• **Material shown**
================================
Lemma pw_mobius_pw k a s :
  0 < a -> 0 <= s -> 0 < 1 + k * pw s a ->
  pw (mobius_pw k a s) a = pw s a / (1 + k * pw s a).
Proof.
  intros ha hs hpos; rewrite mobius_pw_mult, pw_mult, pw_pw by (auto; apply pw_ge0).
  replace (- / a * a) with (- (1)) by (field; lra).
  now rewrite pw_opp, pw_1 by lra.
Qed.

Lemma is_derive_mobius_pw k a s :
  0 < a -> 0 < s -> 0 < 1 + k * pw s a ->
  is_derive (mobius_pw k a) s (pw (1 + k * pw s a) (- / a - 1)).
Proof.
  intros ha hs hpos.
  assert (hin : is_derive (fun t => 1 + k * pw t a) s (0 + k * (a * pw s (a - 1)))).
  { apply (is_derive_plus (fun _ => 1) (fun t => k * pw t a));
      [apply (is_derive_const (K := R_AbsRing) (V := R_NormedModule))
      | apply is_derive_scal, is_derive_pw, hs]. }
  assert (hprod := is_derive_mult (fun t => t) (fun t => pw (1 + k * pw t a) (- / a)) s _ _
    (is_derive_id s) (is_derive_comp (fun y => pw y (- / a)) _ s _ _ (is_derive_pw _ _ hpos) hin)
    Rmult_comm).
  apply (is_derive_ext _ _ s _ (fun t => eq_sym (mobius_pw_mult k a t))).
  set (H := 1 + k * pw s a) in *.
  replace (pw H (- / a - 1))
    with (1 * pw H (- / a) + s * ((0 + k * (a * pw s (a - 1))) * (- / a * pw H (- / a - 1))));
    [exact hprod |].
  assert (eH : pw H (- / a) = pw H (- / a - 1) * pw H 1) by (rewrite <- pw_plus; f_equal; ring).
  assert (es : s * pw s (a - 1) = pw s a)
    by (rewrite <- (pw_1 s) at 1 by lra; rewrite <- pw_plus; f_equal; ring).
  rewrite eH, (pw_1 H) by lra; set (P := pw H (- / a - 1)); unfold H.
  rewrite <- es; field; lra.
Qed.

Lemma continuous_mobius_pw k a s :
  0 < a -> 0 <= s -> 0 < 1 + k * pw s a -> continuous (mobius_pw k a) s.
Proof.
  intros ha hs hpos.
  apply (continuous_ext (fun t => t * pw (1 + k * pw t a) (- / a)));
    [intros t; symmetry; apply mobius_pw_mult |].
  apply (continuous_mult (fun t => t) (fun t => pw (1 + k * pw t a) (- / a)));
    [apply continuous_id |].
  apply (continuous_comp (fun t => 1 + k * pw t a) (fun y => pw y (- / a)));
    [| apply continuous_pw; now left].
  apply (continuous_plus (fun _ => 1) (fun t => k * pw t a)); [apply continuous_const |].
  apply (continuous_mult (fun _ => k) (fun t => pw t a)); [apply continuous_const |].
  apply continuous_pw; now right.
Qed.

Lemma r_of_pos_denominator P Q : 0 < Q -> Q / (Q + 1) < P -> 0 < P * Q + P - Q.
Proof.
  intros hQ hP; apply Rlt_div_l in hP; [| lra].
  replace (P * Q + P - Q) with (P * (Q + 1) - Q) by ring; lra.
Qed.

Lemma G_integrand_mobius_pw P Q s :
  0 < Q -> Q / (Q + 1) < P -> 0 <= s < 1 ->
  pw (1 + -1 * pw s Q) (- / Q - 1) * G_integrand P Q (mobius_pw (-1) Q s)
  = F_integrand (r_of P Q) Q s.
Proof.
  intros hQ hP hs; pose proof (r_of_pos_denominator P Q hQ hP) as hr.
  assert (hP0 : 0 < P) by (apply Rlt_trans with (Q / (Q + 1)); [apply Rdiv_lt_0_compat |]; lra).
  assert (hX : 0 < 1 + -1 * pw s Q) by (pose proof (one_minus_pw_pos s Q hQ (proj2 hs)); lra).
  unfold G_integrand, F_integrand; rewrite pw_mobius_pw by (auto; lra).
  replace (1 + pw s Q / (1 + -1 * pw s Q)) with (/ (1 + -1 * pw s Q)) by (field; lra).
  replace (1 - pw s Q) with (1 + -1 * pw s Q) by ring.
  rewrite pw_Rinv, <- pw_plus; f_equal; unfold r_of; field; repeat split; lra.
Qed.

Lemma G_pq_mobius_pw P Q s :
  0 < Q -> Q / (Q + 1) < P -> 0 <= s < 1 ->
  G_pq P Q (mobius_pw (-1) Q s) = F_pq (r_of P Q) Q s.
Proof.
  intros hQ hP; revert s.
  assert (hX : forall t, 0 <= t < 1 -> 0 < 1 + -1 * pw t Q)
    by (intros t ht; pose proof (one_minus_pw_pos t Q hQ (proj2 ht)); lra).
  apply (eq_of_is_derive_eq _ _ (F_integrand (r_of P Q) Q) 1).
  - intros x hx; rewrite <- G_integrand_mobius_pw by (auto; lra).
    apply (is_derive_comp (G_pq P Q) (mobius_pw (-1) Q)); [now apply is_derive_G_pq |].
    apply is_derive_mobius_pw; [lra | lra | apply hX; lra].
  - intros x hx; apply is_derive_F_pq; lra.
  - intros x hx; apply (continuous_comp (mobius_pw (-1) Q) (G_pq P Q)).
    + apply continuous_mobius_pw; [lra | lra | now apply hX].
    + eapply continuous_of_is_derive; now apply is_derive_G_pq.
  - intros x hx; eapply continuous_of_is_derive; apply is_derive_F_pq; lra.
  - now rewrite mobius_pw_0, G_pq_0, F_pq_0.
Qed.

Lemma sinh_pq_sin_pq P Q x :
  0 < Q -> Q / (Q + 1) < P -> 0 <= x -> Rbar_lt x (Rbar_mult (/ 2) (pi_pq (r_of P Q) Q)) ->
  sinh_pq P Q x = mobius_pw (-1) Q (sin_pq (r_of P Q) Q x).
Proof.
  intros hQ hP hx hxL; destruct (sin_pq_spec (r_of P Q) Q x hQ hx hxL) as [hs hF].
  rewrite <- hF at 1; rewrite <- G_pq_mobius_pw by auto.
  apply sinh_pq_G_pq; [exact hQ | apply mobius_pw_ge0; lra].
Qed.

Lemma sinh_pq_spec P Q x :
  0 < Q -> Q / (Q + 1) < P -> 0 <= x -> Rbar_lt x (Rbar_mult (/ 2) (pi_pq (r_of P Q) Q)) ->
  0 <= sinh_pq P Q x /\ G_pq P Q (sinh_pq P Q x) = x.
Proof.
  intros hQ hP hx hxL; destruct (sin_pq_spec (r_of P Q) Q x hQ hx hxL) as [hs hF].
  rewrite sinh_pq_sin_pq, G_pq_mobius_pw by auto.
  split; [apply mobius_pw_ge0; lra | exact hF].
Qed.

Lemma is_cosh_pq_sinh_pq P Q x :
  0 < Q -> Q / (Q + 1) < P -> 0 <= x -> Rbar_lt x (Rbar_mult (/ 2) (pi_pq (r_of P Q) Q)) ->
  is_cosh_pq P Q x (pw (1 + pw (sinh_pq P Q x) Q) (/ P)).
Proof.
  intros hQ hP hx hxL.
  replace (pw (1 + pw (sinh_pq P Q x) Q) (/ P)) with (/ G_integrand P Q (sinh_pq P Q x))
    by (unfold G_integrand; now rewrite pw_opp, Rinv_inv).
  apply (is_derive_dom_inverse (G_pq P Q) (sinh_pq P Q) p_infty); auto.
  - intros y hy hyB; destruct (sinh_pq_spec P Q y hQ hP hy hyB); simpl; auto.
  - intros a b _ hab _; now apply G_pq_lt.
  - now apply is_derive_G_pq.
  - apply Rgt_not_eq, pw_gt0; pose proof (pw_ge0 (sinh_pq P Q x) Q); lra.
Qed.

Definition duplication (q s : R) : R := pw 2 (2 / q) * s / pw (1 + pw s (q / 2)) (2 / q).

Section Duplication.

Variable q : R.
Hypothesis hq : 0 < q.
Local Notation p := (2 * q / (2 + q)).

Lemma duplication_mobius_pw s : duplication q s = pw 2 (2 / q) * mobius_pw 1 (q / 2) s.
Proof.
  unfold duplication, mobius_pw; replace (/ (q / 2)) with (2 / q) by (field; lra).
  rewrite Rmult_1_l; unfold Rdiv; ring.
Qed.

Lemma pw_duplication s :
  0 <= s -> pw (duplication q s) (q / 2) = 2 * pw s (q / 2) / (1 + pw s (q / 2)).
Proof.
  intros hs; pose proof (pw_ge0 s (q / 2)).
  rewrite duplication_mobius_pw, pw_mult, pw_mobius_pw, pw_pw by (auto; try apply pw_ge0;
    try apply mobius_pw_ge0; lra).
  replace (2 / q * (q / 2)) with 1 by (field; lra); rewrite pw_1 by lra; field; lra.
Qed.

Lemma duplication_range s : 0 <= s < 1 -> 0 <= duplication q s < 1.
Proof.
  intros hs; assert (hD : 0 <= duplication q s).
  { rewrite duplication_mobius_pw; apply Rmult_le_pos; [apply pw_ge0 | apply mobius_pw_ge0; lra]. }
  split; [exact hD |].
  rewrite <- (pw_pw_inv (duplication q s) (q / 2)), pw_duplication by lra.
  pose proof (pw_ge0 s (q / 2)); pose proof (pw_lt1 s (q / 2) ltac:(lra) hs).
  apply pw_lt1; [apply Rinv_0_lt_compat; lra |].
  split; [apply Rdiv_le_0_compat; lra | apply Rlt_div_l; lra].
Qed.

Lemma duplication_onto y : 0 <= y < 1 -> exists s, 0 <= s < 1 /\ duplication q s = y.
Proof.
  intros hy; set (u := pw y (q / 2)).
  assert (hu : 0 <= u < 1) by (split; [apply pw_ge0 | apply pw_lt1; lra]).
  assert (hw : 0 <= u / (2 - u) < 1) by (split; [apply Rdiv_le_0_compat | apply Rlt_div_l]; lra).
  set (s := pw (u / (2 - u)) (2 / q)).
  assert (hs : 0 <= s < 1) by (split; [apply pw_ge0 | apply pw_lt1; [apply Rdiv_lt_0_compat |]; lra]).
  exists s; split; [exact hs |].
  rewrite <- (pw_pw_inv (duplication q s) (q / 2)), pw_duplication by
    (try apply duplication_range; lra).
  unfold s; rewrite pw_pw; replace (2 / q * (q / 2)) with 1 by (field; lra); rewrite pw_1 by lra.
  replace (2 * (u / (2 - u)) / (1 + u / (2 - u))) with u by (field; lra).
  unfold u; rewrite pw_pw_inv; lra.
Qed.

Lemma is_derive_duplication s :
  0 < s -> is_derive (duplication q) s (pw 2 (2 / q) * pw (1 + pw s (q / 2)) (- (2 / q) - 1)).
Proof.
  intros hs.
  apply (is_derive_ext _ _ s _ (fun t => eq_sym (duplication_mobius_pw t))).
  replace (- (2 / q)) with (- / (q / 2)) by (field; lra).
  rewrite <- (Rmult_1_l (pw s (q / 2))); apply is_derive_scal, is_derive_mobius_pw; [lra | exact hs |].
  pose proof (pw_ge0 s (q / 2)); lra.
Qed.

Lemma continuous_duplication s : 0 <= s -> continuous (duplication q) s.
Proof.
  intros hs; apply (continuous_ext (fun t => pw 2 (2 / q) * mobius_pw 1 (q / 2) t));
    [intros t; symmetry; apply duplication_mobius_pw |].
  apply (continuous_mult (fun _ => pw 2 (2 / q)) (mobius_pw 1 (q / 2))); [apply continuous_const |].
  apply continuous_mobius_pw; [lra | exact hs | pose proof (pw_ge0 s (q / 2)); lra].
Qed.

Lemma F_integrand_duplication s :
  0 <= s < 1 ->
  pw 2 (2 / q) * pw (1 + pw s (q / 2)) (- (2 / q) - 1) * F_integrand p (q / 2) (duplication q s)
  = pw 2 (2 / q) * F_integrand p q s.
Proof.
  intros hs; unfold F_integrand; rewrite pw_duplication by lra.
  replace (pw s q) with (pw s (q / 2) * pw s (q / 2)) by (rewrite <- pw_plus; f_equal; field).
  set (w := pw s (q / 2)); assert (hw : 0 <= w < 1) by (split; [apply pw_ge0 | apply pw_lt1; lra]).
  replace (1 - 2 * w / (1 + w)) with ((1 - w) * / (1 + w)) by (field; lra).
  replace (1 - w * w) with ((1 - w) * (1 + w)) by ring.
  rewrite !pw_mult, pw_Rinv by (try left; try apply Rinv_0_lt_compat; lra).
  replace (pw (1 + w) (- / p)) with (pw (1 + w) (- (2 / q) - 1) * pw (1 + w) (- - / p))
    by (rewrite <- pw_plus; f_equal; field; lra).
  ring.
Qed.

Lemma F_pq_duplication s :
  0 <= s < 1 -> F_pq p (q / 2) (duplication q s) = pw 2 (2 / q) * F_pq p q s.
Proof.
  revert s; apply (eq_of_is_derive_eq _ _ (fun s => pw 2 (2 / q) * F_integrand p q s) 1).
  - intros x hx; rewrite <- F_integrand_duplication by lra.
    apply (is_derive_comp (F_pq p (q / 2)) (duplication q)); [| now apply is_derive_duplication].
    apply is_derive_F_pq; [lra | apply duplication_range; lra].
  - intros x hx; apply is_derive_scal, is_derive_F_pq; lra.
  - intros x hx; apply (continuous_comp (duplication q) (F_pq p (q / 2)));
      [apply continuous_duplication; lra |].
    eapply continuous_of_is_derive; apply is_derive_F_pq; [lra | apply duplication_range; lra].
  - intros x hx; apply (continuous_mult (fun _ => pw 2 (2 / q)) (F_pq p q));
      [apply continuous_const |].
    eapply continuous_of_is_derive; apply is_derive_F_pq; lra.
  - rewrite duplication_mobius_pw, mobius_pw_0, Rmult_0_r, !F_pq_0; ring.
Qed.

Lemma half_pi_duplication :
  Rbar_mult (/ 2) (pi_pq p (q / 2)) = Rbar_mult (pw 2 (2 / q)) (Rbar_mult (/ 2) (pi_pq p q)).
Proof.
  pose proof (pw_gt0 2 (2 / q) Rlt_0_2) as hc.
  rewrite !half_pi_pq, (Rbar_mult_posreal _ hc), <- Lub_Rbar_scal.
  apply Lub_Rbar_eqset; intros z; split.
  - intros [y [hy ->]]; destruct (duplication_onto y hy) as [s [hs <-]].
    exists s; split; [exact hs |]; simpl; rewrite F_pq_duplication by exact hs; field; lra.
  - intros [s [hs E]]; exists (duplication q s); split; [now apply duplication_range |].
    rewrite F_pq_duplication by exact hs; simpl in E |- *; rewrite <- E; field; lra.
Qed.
================================
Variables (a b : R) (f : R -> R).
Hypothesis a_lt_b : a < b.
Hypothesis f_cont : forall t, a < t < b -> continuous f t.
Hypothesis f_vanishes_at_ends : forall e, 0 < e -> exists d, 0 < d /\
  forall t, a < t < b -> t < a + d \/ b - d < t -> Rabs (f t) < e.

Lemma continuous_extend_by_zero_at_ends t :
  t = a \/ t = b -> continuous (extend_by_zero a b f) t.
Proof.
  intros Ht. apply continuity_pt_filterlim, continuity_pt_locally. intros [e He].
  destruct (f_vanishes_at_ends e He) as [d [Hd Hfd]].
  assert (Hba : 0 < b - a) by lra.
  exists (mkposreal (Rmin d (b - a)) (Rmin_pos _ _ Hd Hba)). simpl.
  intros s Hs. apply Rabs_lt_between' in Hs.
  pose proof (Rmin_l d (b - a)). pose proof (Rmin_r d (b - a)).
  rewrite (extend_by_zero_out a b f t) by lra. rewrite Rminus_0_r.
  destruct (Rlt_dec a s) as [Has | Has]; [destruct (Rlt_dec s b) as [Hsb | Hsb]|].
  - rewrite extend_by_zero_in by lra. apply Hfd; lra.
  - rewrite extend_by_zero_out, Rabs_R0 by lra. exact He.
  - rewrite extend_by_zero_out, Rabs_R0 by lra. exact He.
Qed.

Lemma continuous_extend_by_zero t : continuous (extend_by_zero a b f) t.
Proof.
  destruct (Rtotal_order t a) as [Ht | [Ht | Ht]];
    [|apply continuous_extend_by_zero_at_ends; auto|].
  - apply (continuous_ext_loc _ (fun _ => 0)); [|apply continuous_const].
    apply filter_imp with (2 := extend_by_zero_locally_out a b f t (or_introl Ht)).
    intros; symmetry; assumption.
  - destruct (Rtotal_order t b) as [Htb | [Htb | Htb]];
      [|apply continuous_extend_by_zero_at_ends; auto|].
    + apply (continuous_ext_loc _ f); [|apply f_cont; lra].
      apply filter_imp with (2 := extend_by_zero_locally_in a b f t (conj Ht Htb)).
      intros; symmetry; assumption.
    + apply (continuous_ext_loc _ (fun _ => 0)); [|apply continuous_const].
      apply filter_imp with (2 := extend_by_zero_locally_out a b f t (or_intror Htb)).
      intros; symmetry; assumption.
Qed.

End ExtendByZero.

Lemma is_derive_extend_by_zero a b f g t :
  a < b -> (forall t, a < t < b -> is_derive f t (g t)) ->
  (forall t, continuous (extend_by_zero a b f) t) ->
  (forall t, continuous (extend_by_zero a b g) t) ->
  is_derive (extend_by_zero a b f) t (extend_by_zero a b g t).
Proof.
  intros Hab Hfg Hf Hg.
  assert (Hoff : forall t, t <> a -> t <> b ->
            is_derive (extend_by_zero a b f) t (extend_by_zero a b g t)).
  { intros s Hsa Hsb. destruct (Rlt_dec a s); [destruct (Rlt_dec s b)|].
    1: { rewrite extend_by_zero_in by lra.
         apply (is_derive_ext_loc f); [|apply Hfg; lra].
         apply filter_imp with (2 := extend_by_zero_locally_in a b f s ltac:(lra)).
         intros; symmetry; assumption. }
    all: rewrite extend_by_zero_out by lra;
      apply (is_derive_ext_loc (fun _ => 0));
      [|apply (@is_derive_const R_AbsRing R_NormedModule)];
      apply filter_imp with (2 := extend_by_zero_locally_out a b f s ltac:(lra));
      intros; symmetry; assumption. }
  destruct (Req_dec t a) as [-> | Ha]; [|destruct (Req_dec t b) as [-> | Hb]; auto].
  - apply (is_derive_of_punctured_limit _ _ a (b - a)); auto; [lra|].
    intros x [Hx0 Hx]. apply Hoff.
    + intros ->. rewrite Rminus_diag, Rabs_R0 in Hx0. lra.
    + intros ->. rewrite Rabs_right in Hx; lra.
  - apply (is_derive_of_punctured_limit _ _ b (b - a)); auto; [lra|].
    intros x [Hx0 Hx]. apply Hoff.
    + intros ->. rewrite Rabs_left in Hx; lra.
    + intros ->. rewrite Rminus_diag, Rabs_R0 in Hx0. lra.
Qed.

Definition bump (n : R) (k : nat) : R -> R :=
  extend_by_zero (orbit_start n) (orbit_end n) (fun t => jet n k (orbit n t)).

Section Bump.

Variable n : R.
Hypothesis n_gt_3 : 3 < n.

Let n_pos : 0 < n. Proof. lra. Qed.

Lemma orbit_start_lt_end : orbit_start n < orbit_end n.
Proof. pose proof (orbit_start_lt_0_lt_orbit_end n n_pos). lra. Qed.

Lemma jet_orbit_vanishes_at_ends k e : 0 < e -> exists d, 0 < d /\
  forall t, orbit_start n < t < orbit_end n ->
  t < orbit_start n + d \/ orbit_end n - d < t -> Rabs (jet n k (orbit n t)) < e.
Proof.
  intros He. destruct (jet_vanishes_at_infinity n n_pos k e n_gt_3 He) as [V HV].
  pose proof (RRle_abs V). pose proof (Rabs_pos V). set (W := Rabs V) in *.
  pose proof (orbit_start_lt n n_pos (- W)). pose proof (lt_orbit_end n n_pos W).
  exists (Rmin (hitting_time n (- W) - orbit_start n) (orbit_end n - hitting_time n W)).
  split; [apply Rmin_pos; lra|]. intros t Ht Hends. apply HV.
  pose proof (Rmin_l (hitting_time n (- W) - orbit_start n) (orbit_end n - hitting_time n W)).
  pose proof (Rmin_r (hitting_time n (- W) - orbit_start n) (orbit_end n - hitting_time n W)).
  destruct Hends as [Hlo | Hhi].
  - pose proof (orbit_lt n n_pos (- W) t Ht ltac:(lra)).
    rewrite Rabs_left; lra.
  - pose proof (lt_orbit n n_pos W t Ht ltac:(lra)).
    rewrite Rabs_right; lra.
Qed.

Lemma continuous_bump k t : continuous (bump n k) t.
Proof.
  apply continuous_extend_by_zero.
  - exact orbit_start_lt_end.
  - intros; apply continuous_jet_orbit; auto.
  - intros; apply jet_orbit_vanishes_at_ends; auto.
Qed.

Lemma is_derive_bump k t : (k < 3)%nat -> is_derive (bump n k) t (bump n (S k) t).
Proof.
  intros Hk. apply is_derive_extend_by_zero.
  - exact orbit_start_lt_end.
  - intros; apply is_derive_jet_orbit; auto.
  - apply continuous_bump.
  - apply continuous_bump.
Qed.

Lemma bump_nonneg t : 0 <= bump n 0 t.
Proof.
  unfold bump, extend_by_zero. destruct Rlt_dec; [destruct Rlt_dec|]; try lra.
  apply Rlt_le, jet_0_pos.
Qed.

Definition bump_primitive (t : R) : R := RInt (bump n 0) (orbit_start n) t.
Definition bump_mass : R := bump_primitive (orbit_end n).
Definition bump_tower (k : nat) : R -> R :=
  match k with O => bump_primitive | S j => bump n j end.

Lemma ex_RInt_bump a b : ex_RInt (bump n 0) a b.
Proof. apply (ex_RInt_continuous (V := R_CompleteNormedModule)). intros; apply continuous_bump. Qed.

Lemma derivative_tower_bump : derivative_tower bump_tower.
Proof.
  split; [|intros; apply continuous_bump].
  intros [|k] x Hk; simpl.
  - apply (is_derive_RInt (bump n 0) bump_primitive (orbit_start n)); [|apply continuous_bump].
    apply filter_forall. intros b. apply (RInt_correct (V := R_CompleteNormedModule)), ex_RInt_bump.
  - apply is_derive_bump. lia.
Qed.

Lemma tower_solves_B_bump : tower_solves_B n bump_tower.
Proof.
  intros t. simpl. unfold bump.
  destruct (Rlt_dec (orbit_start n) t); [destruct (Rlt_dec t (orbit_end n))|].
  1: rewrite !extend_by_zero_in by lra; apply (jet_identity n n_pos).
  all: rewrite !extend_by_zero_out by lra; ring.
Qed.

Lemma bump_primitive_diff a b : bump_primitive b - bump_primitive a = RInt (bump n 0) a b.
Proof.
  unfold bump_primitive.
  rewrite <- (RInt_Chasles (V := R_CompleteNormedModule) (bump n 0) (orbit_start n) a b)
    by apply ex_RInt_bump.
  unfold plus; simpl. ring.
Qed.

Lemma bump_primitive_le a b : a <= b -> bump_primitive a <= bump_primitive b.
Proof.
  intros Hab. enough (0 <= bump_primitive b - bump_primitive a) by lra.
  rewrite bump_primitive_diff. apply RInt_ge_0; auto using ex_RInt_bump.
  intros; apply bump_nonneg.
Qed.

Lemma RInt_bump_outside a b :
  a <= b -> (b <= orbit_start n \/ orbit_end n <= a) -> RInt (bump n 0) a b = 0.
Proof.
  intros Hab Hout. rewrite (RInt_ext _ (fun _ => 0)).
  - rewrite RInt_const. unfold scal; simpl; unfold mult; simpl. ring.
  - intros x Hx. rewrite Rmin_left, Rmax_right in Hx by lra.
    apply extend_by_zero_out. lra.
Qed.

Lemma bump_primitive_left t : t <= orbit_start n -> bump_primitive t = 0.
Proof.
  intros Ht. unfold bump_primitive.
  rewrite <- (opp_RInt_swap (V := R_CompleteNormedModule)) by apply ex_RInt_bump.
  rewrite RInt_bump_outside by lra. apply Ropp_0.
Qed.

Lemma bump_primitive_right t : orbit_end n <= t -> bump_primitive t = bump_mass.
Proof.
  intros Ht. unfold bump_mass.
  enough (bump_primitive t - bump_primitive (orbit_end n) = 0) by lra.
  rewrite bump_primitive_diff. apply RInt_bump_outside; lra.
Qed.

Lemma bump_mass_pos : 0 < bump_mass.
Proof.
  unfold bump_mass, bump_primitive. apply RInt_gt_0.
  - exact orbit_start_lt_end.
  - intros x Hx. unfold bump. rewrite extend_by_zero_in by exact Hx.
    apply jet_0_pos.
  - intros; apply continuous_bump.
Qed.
================================
• **Problem to work on**
Your task for the entries above: copy exactly the span starting with the line with "Lemma pw_mobius_pw k" and going on through the line with "apply (continuous_comp (fun", both lines included, and nothing else.

• **Written reply**
Lemma pw_mobius_pw k a s :
  0 < a -> 0 <= s -> 0 < 1 + k * pw s a ->
  pw (mobius_pw k a s) a = pw s a / (1 + k * pw s a).
Proof.
  intros ha hs hpos; rewrite mobius_pw_mult, pw_mult, pw_pw by (auto; apply pw_ge0).
  replace (- / a * a) with (- (1)) by (field; lra).
  now rewrite pw_opp, pw_1 by lra.
Qed.

Lemma is_derive_mobius_pw k a s :
  0 < a -> 0 < s -> 0 < 1 + k * pw s a ->
  is_derive (mobius_pw k a) s (pw (1 + k * pw s a) (- / a - 1)).
Proof.
  intros ha hs hpos.
  assert (hin : is_derive (fun t => 1 + k * pw t a) s (0 + k * (a * pw s (a - 1)))).
  { apply (is_derive_plus (fun _ => 1) (fun t => k * pw t a));
      [apply (is_derive_const (K := R_AbsRing) (V := R_NormedModule))
      | apply is_derive_scal, is_derive_pw, hs]. }
  assert (hprod := is_derive_mult (fun t => t) (fun t => pw (1 + k * pw t a) (- / a)) s _ _
    (is_derive_id s) (is_derive_comp (fun y => pw y (- / a)) _ s _ _ (is_derive_pw _ _ hpos) hin)
    Rmult_comm).
  apply (is_derive_ext _ _ s _ (fun t => eq_sym (mobius_pw_mult k a t))).
  set (H := 1 + k * pw s a) in *.
  replace (pw H (- / a - 1))
    with (1 * pw H (- / a) + s * ((0 + k * (a * pw s (a - 1))) * (- / a * pw H (- / a - 1))));
    [exact hprod |].
  assert (eH : pw H (- / a) = pw H (- / a - 1) * pw H 1) by (rewrite <- pw_plus; f_equal; ring).
  assert (es : s * pw s (a - 1) = pw s a)
    by (rewrite <- (pw_1 s) at 1 by lra; rewrite <- pw_plus; f_equal; ring).
  rewrite eH, (pw_1 H) by lra; set (P := pw H (- / a - 1)); unfold H.
  rewrite <- es; field; lra.
Qed.

Lemma continuous_mobius_pw k a s :
  0 < a -> 0 <= s -> 0 < 1 + k * pw s a -> continuous (mobius_pw k a) s.
Proof.
  intros ha hs hpos.
  apply (continuous_ext (fun t => t * pw (1 + k * pw t a) (- / a)));
    [intros t; symmetry; apply mobius_pw_mult |].
  apply (continuous_mult (fun t => t) (fun t => pw (1 + k * pw t a) (- / a)));
    [apply continuous_id |].
  apply (continuous_comp (fun t => 1 + k * pw t a) (fun y => pw y (- / a)));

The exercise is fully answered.